• [EXERCISE OBJECTIVE]: Set down, please, exactly the lines below that run from the line with "by apply: (subsetP B'I); rewrite !inE" to the line with "have [Tf [TfB", both lines included.

━━━ INPUT FOR THIS TASK ━━━

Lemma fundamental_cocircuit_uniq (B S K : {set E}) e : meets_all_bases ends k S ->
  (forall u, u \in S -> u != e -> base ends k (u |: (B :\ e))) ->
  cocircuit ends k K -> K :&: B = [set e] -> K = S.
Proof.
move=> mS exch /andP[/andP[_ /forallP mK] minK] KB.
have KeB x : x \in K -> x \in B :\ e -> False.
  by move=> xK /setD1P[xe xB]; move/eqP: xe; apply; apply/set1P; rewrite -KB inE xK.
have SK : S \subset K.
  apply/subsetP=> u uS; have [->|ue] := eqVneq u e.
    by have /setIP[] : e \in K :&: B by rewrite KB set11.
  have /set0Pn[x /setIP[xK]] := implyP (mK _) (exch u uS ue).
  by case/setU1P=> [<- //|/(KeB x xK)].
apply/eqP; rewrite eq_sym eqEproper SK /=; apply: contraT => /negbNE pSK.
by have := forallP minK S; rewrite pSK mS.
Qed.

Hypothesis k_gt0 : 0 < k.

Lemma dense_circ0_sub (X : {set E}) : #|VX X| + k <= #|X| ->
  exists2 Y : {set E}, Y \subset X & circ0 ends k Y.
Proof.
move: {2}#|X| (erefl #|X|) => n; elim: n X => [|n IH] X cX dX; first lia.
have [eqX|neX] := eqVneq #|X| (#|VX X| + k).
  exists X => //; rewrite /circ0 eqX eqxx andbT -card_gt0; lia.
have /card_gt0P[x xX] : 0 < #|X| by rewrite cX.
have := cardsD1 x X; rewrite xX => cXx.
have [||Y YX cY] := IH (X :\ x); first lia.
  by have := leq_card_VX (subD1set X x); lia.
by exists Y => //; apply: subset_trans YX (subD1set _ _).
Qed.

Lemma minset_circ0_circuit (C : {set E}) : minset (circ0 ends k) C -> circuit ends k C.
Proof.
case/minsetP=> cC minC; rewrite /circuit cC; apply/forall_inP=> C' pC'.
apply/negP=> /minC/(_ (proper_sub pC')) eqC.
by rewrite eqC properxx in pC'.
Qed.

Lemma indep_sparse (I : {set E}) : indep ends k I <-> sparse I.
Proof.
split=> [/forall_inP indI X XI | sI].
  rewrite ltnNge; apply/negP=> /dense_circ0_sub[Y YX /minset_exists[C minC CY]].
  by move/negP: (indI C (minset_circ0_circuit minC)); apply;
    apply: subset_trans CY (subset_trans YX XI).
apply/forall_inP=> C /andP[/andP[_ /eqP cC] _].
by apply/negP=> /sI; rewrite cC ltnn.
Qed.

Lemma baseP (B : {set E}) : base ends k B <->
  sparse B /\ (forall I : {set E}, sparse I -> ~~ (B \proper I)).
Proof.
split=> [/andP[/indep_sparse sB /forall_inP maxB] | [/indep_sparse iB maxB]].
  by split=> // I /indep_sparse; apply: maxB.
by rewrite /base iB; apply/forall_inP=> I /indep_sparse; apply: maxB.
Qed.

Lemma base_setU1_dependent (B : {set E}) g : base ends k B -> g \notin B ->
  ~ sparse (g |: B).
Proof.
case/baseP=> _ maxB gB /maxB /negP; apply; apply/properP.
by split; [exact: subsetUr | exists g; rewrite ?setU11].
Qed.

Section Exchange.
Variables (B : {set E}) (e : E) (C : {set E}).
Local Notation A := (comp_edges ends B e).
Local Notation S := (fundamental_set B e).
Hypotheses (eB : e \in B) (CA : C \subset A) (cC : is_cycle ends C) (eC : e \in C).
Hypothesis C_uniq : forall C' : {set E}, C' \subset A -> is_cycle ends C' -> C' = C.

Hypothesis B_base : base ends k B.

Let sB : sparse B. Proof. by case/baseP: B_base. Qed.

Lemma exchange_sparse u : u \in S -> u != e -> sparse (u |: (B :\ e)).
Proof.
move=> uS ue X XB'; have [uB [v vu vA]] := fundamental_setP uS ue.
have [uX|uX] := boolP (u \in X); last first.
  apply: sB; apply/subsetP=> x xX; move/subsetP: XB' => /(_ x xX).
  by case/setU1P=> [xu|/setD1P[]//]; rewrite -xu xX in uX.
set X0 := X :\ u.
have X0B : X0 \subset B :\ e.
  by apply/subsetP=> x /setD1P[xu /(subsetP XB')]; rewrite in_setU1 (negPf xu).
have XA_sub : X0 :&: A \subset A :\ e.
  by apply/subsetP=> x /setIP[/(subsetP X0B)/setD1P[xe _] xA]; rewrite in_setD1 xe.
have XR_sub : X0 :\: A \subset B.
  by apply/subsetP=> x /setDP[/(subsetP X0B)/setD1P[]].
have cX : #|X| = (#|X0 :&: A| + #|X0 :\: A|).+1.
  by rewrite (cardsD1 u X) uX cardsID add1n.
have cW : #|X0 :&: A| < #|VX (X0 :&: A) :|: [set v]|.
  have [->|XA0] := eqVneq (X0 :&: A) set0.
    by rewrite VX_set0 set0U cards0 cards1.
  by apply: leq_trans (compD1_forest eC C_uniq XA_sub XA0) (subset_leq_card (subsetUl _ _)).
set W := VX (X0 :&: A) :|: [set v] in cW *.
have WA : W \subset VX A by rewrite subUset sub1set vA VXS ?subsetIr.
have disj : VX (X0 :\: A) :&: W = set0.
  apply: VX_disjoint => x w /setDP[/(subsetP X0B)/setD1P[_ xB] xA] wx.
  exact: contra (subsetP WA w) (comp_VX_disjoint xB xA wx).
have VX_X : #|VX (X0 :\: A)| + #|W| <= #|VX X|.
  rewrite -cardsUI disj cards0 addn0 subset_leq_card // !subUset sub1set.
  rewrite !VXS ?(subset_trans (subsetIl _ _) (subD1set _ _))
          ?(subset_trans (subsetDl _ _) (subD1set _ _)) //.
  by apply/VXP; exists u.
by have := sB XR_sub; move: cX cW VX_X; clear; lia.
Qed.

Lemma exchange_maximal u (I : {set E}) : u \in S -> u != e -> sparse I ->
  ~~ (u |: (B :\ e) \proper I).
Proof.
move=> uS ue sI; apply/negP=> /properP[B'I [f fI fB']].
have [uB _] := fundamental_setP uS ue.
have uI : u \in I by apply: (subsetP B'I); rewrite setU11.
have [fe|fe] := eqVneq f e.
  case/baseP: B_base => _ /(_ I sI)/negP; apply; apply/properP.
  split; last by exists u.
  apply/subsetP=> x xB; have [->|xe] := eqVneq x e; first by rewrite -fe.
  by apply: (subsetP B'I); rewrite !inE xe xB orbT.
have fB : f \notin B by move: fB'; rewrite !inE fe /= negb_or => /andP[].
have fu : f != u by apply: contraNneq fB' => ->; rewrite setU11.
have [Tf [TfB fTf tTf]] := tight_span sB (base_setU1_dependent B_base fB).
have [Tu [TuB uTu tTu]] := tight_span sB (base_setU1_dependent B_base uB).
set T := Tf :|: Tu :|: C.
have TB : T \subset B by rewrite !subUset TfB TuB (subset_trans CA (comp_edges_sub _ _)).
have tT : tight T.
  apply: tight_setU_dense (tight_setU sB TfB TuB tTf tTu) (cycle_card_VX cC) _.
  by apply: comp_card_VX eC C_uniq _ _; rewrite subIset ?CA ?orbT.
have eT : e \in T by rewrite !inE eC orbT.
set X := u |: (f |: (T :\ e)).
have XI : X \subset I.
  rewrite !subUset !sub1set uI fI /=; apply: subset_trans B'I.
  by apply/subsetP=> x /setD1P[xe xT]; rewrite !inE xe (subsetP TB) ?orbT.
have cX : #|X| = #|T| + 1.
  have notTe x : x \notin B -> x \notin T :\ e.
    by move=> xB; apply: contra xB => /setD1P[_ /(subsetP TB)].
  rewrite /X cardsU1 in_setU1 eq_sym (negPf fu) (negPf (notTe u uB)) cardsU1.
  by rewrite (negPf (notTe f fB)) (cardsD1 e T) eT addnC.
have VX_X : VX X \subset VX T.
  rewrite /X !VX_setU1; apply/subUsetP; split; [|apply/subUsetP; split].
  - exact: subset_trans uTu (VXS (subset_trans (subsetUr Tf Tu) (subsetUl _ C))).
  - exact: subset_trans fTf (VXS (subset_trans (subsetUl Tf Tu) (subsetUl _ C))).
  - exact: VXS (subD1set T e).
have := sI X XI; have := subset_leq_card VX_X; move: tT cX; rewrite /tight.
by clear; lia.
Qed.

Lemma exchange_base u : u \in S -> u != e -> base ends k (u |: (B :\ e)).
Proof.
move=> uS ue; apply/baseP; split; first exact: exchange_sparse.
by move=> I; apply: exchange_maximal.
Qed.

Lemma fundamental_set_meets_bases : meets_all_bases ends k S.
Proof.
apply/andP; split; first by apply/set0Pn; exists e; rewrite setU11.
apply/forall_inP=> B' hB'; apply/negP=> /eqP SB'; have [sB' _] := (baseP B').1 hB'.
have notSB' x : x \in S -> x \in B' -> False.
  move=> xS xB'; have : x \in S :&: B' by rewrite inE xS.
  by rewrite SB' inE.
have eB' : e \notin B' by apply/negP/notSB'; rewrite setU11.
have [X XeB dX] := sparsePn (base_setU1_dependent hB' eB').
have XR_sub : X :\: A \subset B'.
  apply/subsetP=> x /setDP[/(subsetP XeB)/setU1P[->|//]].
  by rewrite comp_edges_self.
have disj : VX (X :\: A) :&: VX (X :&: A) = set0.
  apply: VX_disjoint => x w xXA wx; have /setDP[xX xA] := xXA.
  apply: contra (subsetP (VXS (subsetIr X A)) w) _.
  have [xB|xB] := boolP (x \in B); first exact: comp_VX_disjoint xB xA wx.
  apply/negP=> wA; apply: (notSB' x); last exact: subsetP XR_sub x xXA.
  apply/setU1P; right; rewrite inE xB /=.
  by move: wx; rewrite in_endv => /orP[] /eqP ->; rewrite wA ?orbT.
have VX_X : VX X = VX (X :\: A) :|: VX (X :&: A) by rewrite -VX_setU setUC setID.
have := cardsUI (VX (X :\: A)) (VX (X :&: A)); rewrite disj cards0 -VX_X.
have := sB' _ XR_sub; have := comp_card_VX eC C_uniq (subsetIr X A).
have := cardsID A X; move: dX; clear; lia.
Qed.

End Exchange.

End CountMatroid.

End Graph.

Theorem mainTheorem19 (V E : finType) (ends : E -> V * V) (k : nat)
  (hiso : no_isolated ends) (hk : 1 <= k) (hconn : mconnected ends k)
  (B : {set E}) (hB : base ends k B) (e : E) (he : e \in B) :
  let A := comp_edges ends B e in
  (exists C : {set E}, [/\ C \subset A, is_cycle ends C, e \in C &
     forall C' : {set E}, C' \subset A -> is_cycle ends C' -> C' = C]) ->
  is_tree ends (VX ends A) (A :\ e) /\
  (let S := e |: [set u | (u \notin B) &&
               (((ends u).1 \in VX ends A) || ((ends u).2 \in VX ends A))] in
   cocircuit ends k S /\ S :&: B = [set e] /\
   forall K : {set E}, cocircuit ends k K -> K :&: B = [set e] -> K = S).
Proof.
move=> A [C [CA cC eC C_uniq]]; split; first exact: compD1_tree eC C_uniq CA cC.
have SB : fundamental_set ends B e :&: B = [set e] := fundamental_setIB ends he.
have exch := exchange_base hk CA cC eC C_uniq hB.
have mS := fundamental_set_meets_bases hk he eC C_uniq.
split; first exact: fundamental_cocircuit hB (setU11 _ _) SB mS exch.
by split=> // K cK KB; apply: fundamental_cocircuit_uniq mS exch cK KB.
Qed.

━━━
━━━ INPUT FOR THIS TASK ━━━

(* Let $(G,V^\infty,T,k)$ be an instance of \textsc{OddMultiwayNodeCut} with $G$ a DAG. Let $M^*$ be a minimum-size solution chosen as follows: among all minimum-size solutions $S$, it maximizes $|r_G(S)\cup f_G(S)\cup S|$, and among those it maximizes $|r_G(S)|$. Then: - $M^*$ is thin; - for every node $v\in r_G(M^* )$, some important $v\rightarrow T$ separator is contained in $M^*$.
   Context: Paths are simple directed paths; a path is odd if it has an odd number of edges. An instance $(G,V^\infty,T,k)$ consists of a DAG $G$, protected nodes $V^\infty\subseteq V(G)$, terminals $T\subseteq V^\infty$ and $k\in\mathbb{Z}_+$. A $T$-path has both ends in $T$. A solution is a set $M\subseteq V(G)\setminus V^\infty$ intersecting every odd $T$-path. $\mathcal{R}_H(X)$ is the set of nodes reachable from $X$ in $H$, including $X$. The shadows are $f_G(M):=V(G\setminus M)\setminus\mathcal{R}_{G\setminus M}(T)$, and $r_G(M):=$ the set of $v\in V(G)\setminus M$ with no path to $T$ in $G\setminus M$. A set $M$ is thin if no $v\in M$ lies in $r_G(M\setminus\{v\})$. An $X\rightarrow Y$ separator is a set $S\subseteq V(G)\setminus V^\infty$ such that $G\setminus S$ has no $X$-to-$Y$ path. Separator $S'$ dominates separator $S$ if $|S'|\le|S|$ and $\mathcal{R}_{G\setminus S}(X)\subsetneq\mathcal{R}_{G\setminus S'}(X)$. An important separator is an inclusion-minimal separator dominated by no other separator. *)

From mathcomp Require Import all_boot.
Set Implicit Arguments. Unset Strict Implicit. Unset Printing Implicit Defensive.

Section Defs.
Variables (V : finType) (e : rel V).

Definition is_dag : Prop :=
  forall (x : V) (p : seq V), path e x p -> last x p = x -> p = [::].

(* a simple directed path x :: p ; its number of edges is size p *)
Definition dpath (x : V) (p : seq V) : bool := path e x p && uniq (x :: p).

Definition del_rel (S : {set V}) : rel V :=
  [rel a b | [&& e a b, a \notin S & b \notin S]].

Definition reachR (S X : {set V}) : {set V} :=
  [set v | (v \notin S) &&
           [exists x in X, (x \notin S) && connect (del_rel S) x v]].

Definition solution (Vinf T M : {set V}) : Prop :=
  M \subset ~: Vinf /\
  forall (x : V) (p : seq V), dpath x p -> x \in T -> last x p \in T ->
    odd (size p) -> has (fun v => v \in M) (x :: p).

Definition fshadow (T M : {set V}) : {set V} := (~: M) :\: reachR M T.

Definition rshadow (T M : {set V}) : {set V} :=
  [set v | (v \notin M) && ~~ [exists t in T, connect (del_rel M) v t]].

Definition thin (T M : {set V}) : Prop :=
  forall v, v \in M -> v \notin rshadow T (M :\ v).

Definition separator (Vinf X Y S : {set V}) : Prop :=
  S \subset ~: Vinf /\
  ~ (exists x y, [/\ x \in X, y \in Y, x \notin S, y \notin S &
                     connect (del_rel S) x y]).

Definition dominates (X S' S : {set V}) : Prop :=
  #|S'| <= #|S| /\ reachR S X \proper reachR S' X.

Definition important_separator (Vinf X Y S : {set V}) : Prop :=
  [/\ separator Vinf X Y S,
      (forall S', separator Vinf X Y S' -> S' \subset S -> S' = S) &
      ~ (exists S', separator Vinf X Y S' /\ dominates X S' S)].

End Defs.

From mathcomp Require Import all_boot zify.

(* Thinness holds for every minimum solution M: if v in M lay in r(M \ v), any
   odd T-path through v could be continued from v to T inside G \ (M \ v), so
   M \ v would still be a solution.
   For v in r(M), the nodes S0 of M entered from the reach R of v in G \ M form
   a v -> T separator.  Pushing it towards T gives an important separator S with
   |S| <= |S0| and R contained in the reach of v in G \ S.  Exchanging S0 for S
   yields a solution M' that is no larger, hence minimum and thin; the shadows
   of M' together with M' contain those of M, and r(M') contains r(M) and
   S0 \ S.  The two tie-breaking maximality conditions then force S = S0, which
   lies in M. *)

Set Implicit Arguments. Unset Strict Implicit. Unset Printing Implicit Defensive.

━━━
━━━ INPUT FOR THIS TASK ━━━

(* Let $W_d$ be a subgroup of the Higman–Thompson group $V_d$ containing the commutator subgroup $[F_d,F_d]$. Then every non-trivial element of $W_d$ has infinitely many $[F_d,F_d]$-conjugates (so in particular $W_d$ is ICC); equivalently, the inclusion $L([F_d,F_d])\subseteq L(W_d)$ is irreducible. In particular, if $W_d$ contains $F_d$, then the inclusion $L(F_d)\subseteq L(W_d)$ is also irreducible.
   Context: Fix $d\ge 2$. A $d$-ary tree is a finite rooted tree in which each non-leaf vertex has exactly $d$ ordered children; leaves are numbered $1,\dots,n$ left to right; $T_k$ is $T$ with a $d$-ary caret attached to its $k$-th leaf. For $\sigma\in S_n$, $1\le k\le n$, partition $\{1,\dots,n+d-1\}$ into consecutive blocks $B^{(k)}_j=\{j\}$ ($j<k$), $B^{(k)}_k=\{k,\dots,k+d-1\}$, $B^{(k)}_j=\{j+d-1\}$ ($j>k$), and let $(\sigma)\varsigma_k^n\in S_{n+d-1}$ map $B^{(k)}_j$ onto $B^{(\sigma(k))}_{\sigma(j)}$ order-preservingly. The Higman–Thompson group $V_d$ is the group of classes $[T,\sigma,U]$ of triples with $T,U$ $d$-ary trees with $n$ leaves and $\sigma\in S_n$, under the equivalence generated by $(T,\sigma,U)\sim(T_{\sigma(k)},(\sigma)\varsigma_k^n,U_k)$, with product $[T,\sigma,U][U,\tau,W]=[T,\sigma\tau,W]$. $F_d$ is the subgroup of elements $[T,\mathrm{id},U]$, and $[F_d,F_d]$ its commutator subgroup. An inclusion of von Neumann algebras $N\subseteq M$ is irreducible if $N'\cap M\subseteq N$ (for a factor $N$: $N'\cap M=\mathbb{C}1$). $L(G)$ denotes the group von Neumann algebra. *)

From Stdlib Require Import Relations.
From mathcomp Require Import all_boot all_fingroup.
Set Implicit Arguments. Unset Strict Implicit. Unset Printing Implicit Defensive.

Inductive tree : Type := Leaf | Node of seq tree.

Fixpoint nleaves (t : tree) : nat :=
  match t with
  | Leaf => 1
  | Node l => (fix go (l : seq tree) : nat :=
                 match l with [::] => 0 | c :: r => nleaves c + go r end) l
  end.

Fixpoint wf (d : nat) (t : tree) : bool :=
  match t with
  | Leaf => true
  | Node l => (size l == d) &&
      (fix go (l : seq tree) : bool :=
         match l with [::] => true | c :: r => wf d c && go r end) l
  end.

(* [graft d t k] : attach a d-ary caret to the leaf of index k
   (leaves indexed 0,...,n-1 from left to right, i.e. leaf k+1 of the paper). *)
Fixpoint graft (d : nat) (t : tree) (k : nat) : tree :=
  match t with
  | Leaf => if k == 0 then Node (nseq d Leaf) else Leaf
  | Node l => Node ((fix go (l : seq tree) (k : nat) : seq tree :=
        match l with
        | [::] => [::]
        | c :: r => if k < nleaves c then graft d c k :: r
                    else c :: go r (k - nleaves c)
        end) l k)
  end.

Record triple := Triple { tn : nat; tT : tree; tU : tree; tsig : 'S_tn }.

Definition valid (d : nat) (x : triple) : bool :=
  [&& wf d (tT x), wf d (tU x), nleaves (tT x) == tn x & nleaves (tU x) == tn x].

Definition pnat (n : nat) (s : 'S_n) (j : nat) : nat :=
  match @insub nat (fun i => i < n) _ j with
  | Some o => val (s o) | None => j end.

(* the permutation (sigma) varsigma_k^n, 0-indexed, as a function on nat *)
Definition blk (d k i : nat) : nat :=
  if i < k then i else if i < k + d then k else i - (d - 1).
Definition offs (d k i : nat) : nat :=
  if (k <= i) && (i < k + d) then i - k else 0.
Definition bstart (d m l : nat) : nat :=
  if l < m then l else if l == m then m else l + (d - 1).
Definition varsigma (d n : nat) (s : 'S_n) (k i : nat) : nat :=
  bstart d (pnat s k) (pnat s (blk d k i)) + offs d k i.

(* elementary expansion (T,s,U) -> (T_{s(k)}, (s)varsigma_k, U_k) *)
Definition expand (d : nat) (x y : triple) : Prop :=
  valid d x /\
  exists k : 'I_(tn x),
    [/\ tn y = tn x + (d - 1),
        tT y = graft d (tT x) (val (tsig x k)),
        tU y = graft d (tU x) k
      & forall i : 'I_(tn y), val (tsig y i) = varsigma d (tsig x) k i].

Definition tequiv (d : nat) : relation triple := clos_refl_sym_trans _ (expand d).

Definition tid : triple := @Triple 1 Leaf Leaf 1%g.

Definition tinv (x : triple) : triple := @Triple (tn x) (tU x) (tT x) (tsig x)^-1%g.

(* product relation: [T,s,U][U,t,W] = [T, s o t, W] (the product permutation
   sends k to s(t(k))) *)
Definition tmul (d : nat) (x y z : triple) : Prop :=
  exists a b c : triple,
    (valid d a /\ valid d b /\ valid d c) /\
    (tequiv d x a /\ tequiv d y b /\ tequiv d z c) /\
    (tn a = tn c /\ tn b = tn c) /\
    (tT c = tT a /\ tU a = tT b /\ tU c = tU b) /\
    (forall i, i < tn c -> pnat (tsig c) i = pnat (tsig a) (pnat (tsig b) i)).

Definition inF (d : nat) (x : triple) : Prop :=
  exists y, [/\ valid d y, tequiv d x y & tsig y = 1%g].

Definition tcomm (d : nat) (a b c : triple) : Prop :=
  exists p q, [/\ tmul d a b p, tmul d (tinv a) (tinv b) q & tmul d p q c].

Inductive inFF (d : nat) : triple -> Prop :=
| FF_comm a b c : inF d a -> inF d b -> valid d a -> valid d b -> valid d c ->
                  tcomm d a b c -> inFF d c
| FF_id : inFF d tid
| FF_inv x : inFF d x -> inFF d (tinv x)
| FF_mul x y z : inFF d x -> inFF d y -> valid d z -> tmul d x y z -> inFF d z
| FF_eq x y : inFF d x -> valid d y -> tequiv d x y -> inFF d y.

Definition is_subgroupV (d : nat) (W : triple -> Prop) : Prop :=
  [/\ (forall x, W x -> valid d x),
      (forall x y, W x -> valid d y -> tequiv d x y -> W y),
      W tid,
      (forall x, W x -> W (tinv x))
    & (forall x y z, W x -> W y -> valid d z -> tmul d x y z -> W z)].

━━━

• [EXERCISE RESULT]:
  by apply: (subsetP B'I); rewrite !inE xe xB orbT.
have fB : f \notin B by move: fB'; rewrite !inE fe /= negb_or => /andP[].
have fu : f != u by apply: contraNneq fB' => ->; rewrite setU11.
have [Tf [TfB fTf tTf]] := tight_span sB (base_setU1_dependent B_base fB).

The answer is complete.